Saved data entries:
Lemma diag_torsion_separation (H : dset n) : is_group H ->
  (forall g, H g -> forall j, g j ^+ N.+2 = 1) ->
  forall h : dvec n, (forall j, h j ^+ N.+2 = 1) -> ~ H h ->
  exists r : 'I_n -> nat,
    (forall g, H g -> monom g r = 1) /\ monom h r != 1.
Proof.
move=> [H1 HM _ _] H_tors h h_tors h_notin.
pose HZ := [set a : 'rV['Z_N.+2]_n | bool_of_prop (H (expZ a))].
have HZ_group : group_set HZ.
  apply/group_setP; split; first by rewrite inE FinRing.zmod1gE expZ0; exact/bool_of_propP.
  move=> a b; rewrite !inE => /bool_of_propP Ha /bool_of_propP Hb; apply/bool_of_propP.
  by rewrite FinRing.zmodMgE expZD; apply: HM.
have HZ_normal : (Group HZ_group <| [set: 'rV['Z_N.+2]_n])%g.
  by rewrite -sub_abelian_normal ?subsetT // FinRing.zmod_abelian.
have [a0 a0h] := expZ_onto h_tors.
have a0_notin : a0 \notin Group HZ_group by rewrite inE; apply/bool_of_propP; rewrite a0h.
have [i [HZ_ker a0_ker]] := cfker_separation HZ_normal a0_notin.
have chi_lin : 'chi_i \is a linear_char := char_abelianP _ (FinRing.zmod_abelian _) i.
have [r chiE] := linear_char_monomial chi_lin.
exists r; split.
  move=> g Hg; have [a ag] := expZ_onto (H_tors g Hg).
  have aHZ : a \in Group HZ_group by rewrite inE; apply/bool_of_propP; rewrite ag.
  have := subsetP HZ_ker a aHZ; rewrite cfkerEirr inE => /eqP.
  by rewrite chiE ag lin_char1.
apply: contra a0_ker; rewrite cfkerEirr inE chiE a0h => /eqP ->.
by rewrite lin_char1.
Qed.

End TorsionDiagonal.

Lemma sum_mulr_swap n (a b : 'I_n -> rat) (A : 'I_n -> 'I_n -> rat) :
  \sum_j a j * \sum_k b k * A j k = \sum_k b k * \sum_j a j * A j k.
Proof.
under eq_bigr => j _ do rewrite mulr_sumr.
rewrite exchange_big /=; apply: eq_bigr => k _; rewrite mulr_sumr.
by apply: eq_bigr => j _; rewrite mulrCA.
Qed.

Lemma exists_common_denominator n (A : 'M[rat]_n) :
  exists2 D : nat, (0 < D)%N & forall i j, D%:R * A i j \is a Num.int.
Proof.
exists (\prod_i \prod_j `|denq (A i j)|)%N.
  by rewrite prodn_gt0 // => i; rewrite prodn_gt0 // => j; exact: absz_denq_gt0.
have dvdn_prod (I : finType) (F : I -> nat) i0 : (F i0 %| \prod_i F i)%N.
  by rewrite (bigD1 i0) //= dvdn_mulr.
move=> i j; have /dvdnP[m ->] := dvdn_trans (dvdn_prod _ _ j)
  (dvdn_prod _ (fun i => \prod_j `|denq (A i j)|)%N i).
rewrite natrM -mulrA.
have -> : (`|denq (A i j)|%N%:R : rat) * A i j = (numq (A i j))%:~R.
  by rewrite numqE mulrC -denq_absz.
by rewrite rpredM ?natr_int ?intr_int.
Qed.

Lemma exprz_sum (x : algC) (I : Type) (s : seq I) (F : I -> int) : x != 0 ->
  x ^ (\sum_(i <- s) F i) = \prod_(i <- s) x ^ F i.
Proof.
move=> x_neq0; elim: s => [|a s IH]; first by rewrite !big_nil expr0z.
by rewrite !big_cons expfzDr // IH.
Qed.

Lemma prod_exprz (I : Type) (s : seq I) (F : I -> algC) (e : int) :
  (\prod_(i <- s) F i) ^ e = \prod_(i <- s) F i ^ e.
Proof.
elim: s => [|a s IH]; first by rewrite !big_nil exp1rz.
by rewrite !big_cons expfzMl IH.
Qed.

Definition Minv n (P : 'M[nat]_n) : 'M[rat]_n := invmx (Mrat P).

Section ExponentMatrix.
Variables (n : nat) (P : 'M[nat]_n).
Implicit Types (g h x : dvec n) (q : 'I_n -> rat) (r t : 'I_n -> nat).

(* [colE t] = e^(2 pi i M^-1 t) and [rowE r] = e^(2 pi i r M^-1); the paper's
   rho_k is [rowE] of the k-th unit vector. *)
Definition colE t : dvec n := expv (fun j => \sum_k (t k)%:R * Minv P j k).
Definition rowE r : dvec n := expv (fun j => \sum_k (r k)%:R * Minv P k j).

Lemma colE_rowE_pairing t r : monom (colE t) r = monom (rowE r) t.
Proof. by rewrite /colE /rowE !monom_expv sum_mulr_swap. Qed.

Lemma rowE_mul r r' : mul_v (rowE r) (rowE r') = rowE (fun k => (r k + r' k)%N).
Proof.
rewrite /rowE expv_mul; congr expv; apply: functional_extensionality => j.
by rewrite -big_split /=; apply: eq_bigr => k _; rewrite natrD mulrDl.
Qed.
(* Let $m_1,m_2,m_3,m_4>0$, $M=\sum m_i$, and for $\mathbf{r}=(r_{12},r_{13},r_{14},r_{23},r_{24},r_{34})$ let $U(\mathbf{r})=\sum_{i<j}\frac{m_im_j}{r_{ij}}$, $I(\mathbf{r})=\frac{1}{2M}\sum_{i<j}m_im_jr_{ij}^2$, $P(\mathbf{r})=r_{12}r_{34}+r_{14}r_{23}-r_{13}r_{24}$, $\mathcal{M}^+=\{\mathbf{r}\in[0,\infty)^6: I(\mathbf{r})=1,\ P(\mathbf{r})=0\}$. If $\mathbf{r}^\ast\in\mathcal{M}^+$ is a critical point of $U|_{\mathcal{M}^+}$, then the Lagrange multiplier $\lambda$ is positive: $\lambda>0$.
   Context: Critical points of $U|_{\mathcal{M}^+}$ have all $r_{ij}>0$ and are characterized by the existence of Lagrange multipliers $\lambda,\sigma\in\mathbb{R}$ with $\nabla_{\mathbf{r}}\big(U+\lambda M(I-1)+\sigma P\big)=0$, i.e. $m_1m_2(r_{12}^{-3}-\lambda)=\sigma r_{34}/r_{12}$, $m_3m_4(r_{34}^{-3}-\lambda)=\sigma r_{12}/r_{34}$, $m_1m_3(r_{13}^{-3}-\lambda)=-\sigma r_{24}/r_{13}$, $m_2m_4(r_{24}^{-3}-\lambda)=-\sigma r_{13}/r_{24}$, $m_1m_4(r_{14}^{-3}-\lambda)=\sigma r_{23}/r_{14}$, $m_2m_3(r_{23}^{-3}-\lambda)=\sigma r_{14}/r_{23}$; the $\lambda$ in the claim is the multiplier in these equations. *)

From Stdlib Require Import Reals.
Open Scope R_scope.

Definition total_mass (m1 m2 m3 m4 : R) : R := m1 + m2 + m3 + m4.

Definition potU (m1 m2 m3 m4 r12 r13 r14 r23 r24 r34 : R) : R :=
  m1*m2/r12 + m1*m3/r13 + m1*m4/r14 + m2*m3/r23 + m2*m4/r24 + m3*m4/r34.

Definition momI (m1 m2 m3 m4 r12 r13 r14 r23 r24 r34 : R) : R :=
  / (2 * total_mass m1 m2 m3 m4) *
  (m1*m2*r12^2 + m1*m3*r13^2 + m1*m4*r14^2 + m2*m3*r23^2 + m2*m4*r24^2 + m3*m4*r34^2).

Definition ptolP (r12 r13 r14 r23 r24 r34 : R) : R :=
  r12*r34 + r14*r23 - r13*r24.

Definition in_Mplus (m1 m2 m3 m4 r12 r13 r14 r23 r24 r34 : R) : Prop :=
  0 <= r12 /\ 0 <= r13 /\ 0 <= r14 /\ 0 <= r23 /\ 0 <= r24 /\ 0 <= r34 /\
  momI m1 m2 m3 m4 r12 r13 r14 r23 r24 r34 = 1 /\
  ptolP r12 r13 r14 r23 r24 r34 = 0.

(* Critical point of U restricted to M^+ with Lagrange multipliers lam, sig,
   as characterized in the paper: all r_ij > 0 and
   grad_r (U + lam M (I-1) + sig P) = 0, written out. *)
Definition lagrange_critical (m1 m2 m3 m4 r12 r13 r14 r23 r24 r34 lam sig : R) : Prop :=
  0 < r12 /\ 0 < r13 /\ 0 < r14 /\ 0 < r23 /\ 0 < r24 /\ 0 < r34 /\
  m1*m2*(/ r12^3 - lam) = sig * r34 / r12 /\
  m3*m4*(/ r34^3 - lam) = sig * r12 / r34 /\
  m1*m3*(/ r13^3 - lam) = - sig * r24 / r13 /\
  m2*m4*(/ r24^3 - lam) = - sig * r13 / r24 /\
  m1*m4*(/ r14^3 - lam) = sig * r23 / r14 /\
  m2*m3*(/ r23^3 - lam) = sig * r14 / r23.

From Stdlib Require Import Reals Lra Psatz.
Open Scope R_scope.

(* Euler's relation: U is homogeneous of degree -1 while M I and P are
   homogeneous of degree 2, so pairing the Lagrange equation with r gives
   -U + 2 lam M I + 2 sig P = 0.  On M^+ this reads U = 2 M lam, and U > 0. *)

Definition inertia_sum (m1 m2 m3 m4 r12 r13 r14 r23 r24 r34 : R) : R :=
  m1*m2*r12^2 + m1*m3*r13^2 + m1*m4*r14^2 + m2*m3*r23^2 + m2*m4*r24^2 + m3*m4*r34^2.

(* No positivity hypothesis is needed: if the total mass vanished, [/ 0 = 0]
   would force [momI = 0]. *)
Lemma momI_eq1_inertia_sum (m1 m2 m3 m4 r12 r13 r14 r23 r24 r34 : R) :
  momI m1 m2 m3 m4 r12 r13 r14 r23 r24 r34 = 1 ->
  inertia_sum m1 m2 m3 m4 r12 r13 r14 r23 r24 r34 = 2 * total_mass m1 m2 m3 m4.
Proof.
  unfold momI; fold (inertia_sum m1 m2 m3 m4 r12 r13 r14 r23 r24 r34).
  set (S := inertia_sum _ _ _ _ _ _ _ _ _ _); set (M := total_mass _ _ _ _).
  intros hI.
  destruct (Req_dec (2 * M) 0) as [hM0 | hM0].
  - rewrite hM0, Rinv_0 in hI; lra.
  - rewrite <- (Rmult_1_r (2 * M)), <- hI; field; intros hM; apply hM0; rewrite hM; ring.
Qed.

Lemma potU_pos (m1 m2 m3 m4 r12 r13 r14 r23 r24 r34 : R) :
  0 < m1 -> 0 < m2 -> 0 < m3 -> 0 < m4 ->
  0 < r12 -> 0 < r13 -> 0 < r14 -> 0 < r23 -> 0 < r24 -> 0 < r34 ->
  0 < potU m1 m2 m3 m4 r12 r13 r14 r23 r24 r34.
Proof.
  intros; unfold potU.
  repeat apply Rplus_lt_0_compat; apply Rdiv_lt_0_compat; nra.
Qed.

Lemma lagrange_eq_mul_sq (a r lam s q : R) :
  0 < r -> a * (/ r^3 - lam) = s * q / r -> a / r - lam * (a * r^2) = s * q * r.
Proof.
  intros hr h.
  replace (a / r - lam * (a * r^2)) with (a * (/ r^3 - lam) * r^2) by (field; lra).
  rewrite h; field; lra.
Qed.

Lemma lagrange_critical_euler (m1 m2 m3 m4 r12 r13 r14 r23 r24 r34 lam sig : R) :
  lagrange_critical m1 m2 m3 m4 r12 r13 r14 r23 r24 r34 lam sig ->
  potU m1 m2 m3 m4 r12 r13 r14 r23 r24 r34
    - lam * inertia_sum m1 m2 m3 m4 r12 r13 r14 r23 r24 r34
  = 2 * sig * ptolP r12 r13 r14 r23 r24 r34.
Proof.
  intros (p12 & p13 & p14 & p23 & p24 & p34 & e12 & e34 & e13 & e24 & e14 & e23).
  apply lagrange_eq_mul_sq in e12, e34, e13, e24, e14, e23; trivial.
  unfold potU, inertia_sum, ptolP; lra.
Qed.

Theorem lemma3 (m1 m2 m3 m4 : R)
  (hm1 : 0 < m1) (hm2 : 0 < m2) (hm3 : 0 < m3) (hm4 : 0 < m4)
  (r12 r13 r14 r23 r24 r34 lam sig : R)
  (hM : in_Mplus m1 m2 m3 m4 r12 r13 r14 r23 r24 r34)
  (hcrit : lagrange_critical m1 m2 m3 m4 r12 r13 r14 r23 r24 r34 lam sig) :
  0 < lam.
Proof.
  destruct hM as (_ & _ & _ & _ & _ & _ & hI & hP).
  pose proof (lagrange_critical_euler _ _ _ _ _ _ _ _ _ _ _ _ hcrit) as hEuler.
  destruct hcrit as (p12 & p13 & p14 & p23 & p24 & p34 & _).
  pose proof (potU_pos m1 m2 m3 m4 r12 r13 r14 r23 r24 r34
                hm1 hm2 hm3 hm4 p12 p13 p14 p23 p24 p34) as hU.
  rewrite hP, (momI_eq1_inertia_sum _ _ _ _ _ _ _ _ _ _ hI) in hEuler.
  unfold total_mass in hEuler; nra.
Qed.
(* In every model of $\mathsf{Md}_\bot$ the following conditional equations hold for all elements $x,y$: (1) $x\cdot y=1\rightarrow 0\cdot y=0$; (2) $x\cdot y=1\rightarrow x^{-1}=y$; (3) $0\cdot x=0\cdot y\rightarrow 0\cdot(x\cdot y)=0\cdot x$; (4) $0\cdot x\cdot y=0\rightarrow 0\cdot x=0$; (5) $0\cdot(x+y)=0\rightarrow 0\cdot x=0$; (6) $0\cdot x^{-1}=0\rightarrow 0\cdot x=0$; (7) $0\cdot x=\bot\rightarrow x=\bot$.
   Context: The signature has one sort, constants $0,1,\bot$, binary operations $+,\cdot$ and unary operations $-$ and $(\,\cdot\,)^{-1}$; $^{-1}$ binds stronger than $\cdot$, which binds stronger than $+$. $\mathsf{Md}_\bot$ is the set of equations (variables universally quantified): $(x+y)+z=x+(y+z)$; $x+y=y+x$; $x+0=x$; $x+(-x)=0\cdot x$; $(x\cdot y)\cdot z=x\cdot(y\cdot z)$; $x\cdot y=y\cdot x$; $1\cdot x=x$; $x\cdot(y+z)=x\cdot y+x\cdot z$; $-(-x)=x$; $0\cdot(x\cdot x)=0\cdot x$; $(x^{-1})^{-1}=x+0\cdot x^{-1}$; $x\cdot x^{-1}=1+0\cdot x^{-1}$; $(x\cdot y)^{-1}=x^{-1}\cdot y^{-1}$; $1^{-1}=1$; $0^{-1}=\bot$; $x+\bot=\bot$; $x\cdot\bot=\bot$. *)

Record MdBot := {
  carrier :> Type;
  zero : carrier;
  one : carrier;
  bot : carrier;
  add : carrier -> carrier -> carrier;
  mul : carrier -> carrier -> carrier;
  opp : carrier -> carrier;
  inv : carrier -> carrier;
  ax_addA : forall x y z, add (add x y) z = add x (add y z);
  ax_addC : forall x y, add x y = add y x;
  ax_add0 : forall x, add x zero = x;
  ax_addN : forall x, add x (opp x) = mul zero x;
  ax_mulA : forall x y z, mul (mul x y) z = mul x (mul y z);
  ax_mulC : forall x y, mul x y = mul y x;
  ax_mul1 : forall x, mul one x = x;
  ax_mulD : forall x y z, mul x (add y z) = add (mul x y) (mul x z);
  ax_oppK : forall x, opp (opp x) = x;
  ax_0sq : forall x, mul zero (mul x x) = mul zero x;
  ax_invK : forall x, inv (inv x) = add x (mul zero (inv x));
  ax_mulV : forall x, mul x (inv x) = add one (mul zero (inv x));
  ax_invM : forall x y, inv (mul x y) = mul (inv x) (inv y);
  ax_inv1 : inv one = one;
  ax_inv0 : inv zero = bot;
  ax_addbot : forall x, add x bot = bot;
  ax_mulbot : forall x, mul x bot = bot
}.

Arguments zero {m}.
Arguments one {m}.
Arguments bot {m}.
Arguments add {m}.
Arguments mul {m}.
Arguments opp {m}.
Arguments inv {m}.


(* Everything rests on x + 0x = x: multiplying by 0 shows that 0x is absorbed
   by 0a whenever a = a + 0x (e.g. a = xy or a = x + y), so 0a = 0 forces
   0x = 0.  From xy = 1 this gives 0y = 0, and with x x^-1 = 1 + 0 x^-1 applied
   to y^-1 x^-1 = 1 it identifies x^-1 with y.  Finally 0x = bot forces
   x = x + 0x = bot. *)

Section CommonMeadowBot.
Variable M : MdBot.
Implicit Types x y a b : M.

Lemma add0r x : add zero x = x.
Proof. rewrite ax_addC; apply ax_add0. Qed.

Lemma mulr1 x : mul x one = x.
Proof. rewrite ax_mulC; apply ax_mul1. Qed.

Lemma mul00 : @mul M zero zero = zero.
Proof.
  pose proof (ax_mulD M zero one zero) as h.
  rewrite ax_add0, mulr1, add0r in h.
  symmetry; exact h.
Qed.

Lemma mul0_idem x : mul zero (mul zero x) = mul zero x.
Proof. rewrite <- ax_mulA, mul00; reflexivity. Qed.

Lemma add_mul_mul0l x y : add (mul x y) (mul zero x) = mul x y.
Proof.
  pose proof (ax_mulD M x y zero) as h.
  rewrite ax_add0, (ax_mulC M x zero) in h.
  symmetry; exact h.
Qed.

Lemma add_mul0r_id x : add x (mul zero x) = x.
Proof. pose proof (add_mul_mul0l x one) as h; rewrite mulr1 in h; exact h. Qed.

Lemma mul0_absorbed a b :
  add a (mul zero b) = a -> mul zero a = zero -> mul zero b = zero.
Proof.
  intros Hab Ha.
  apply (f_equal (mul zero)) in Hab.
  rewrite ax_mulD, mul0_idem, Ha, add0r in Hab.
  exact Hab.
Qed.

Lemma mul0_inverse_right x y : mul x y = one -> mul zero y = zero.
Proof.
  intro Hxy.
  apply (mul0_absorbed one y); [| exact (mulr1 zero)].
  rewrite <- Hxy, (ax_mulC M x y); apply add_mul_mul0l.
Qed.

Lemma inv_right_inverse x y : mul x y = one -> inv x = y.
Proof.
  intro Hxy.
  assert (Hinv : mul (inv y) (inv x) = one).
  { rewrite <- ax_invM, ax_mulC, Hxy; apply ax_inv1. }
  assert (HxV : mul x (inv x) = one).
  { rewrite ax_mulV, (mul0_inverse_right _ _ Hinv); apply ax_add0. }
  rewrite <- (ax_mul1 M y), <- HxV, (ax_mulC M x (inv x)), ax_mulA, Hxy.
  symmetry; apply mulr1.
Qed.

Lemma mul0M x y : mul zero (mul x y) = mul (mul zero x) (mul zero y).
Proof.
  rewrite ax_mulA, <- (ax_mulA M x zero y), (ax_mulC M x zero), ax_mulA.
  symmetry; apply mul0_idem.
Qed.

Lemma mul0M_eq x y :
  mul zero x = mul zero y -> mul zero (mul x y) = mul zero x.
Proof.
  intro H.
  rewrite mul0M, <- H, <- mul0M; apply ax_0sq.
Qed.

Lemma mul0_mulr_eq0 x y : mul (mul zero x) y = zero -> mul zero x = zero.
Proof.
  rewrite ax_mulA; apply mul0_absorbed, add_mul_mul0l.
Qed.

Lemma mul0_addr_eq0 x y : mul zero (add x y) = zero -> mul zero x = zero.
Proof.
  apply mul0_absorbed.
  rewrite ax_addA, (ax_addC M y), <- ax_addA, add_mul0r_id; reflexivity.
Qed.

Lemma mul0_inv_eq0 x : mul zero (inv x) = zero -> mul zero x = zero.
Proof.
  intro H.
  apply (mul0_inverse_right (inv x)).
  rewrite ax_mulC, ax_mulV, H; apply ax_add0.
Qed.

Lemma mul0_eq_bot x : mul zero x = bot -> x = bot.
Proof. intro H; rewrite <- (add_mul0r_id x), H; apply ax_addbot. Qed.

End CommonMeadowBot.

Theorem proposition2p5 (M : MdBot) (x y : M) :
  (mul x y = one -> mul zero y = zero) /\
  (mul x y = one -> inv x = y) /\
  (mul zero x = mul zero y -> mul zero (mul x y) = mul zero x) /\
  (mul (mul zero x) y = zero -> mul zero x = zero) /\
  (mul zero (add x y) = zero -> mul zero x = zero) /\
  (mul zero (inv x) = zero -> mul zero x = zero) /\
  (mul zero x = bot -> x = bot).
Proof.
  repeat split.
  - apply mul0_inverse_right.
  - apply inv_right_inverse.
  - apply mul0M_eq.
  - apply mul0_mulr_eq0.
  - apply mul0_addr_eq0.
  - apply mul0_inv_eq0.
  - apply mul0_eq_bot.
Qed.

● Work item: Lines that contain "Section" are the result; find them in the entries above and copy each one.

● Reply to the task:
Section ExponentMatrix.
Section CommonMeadowBot.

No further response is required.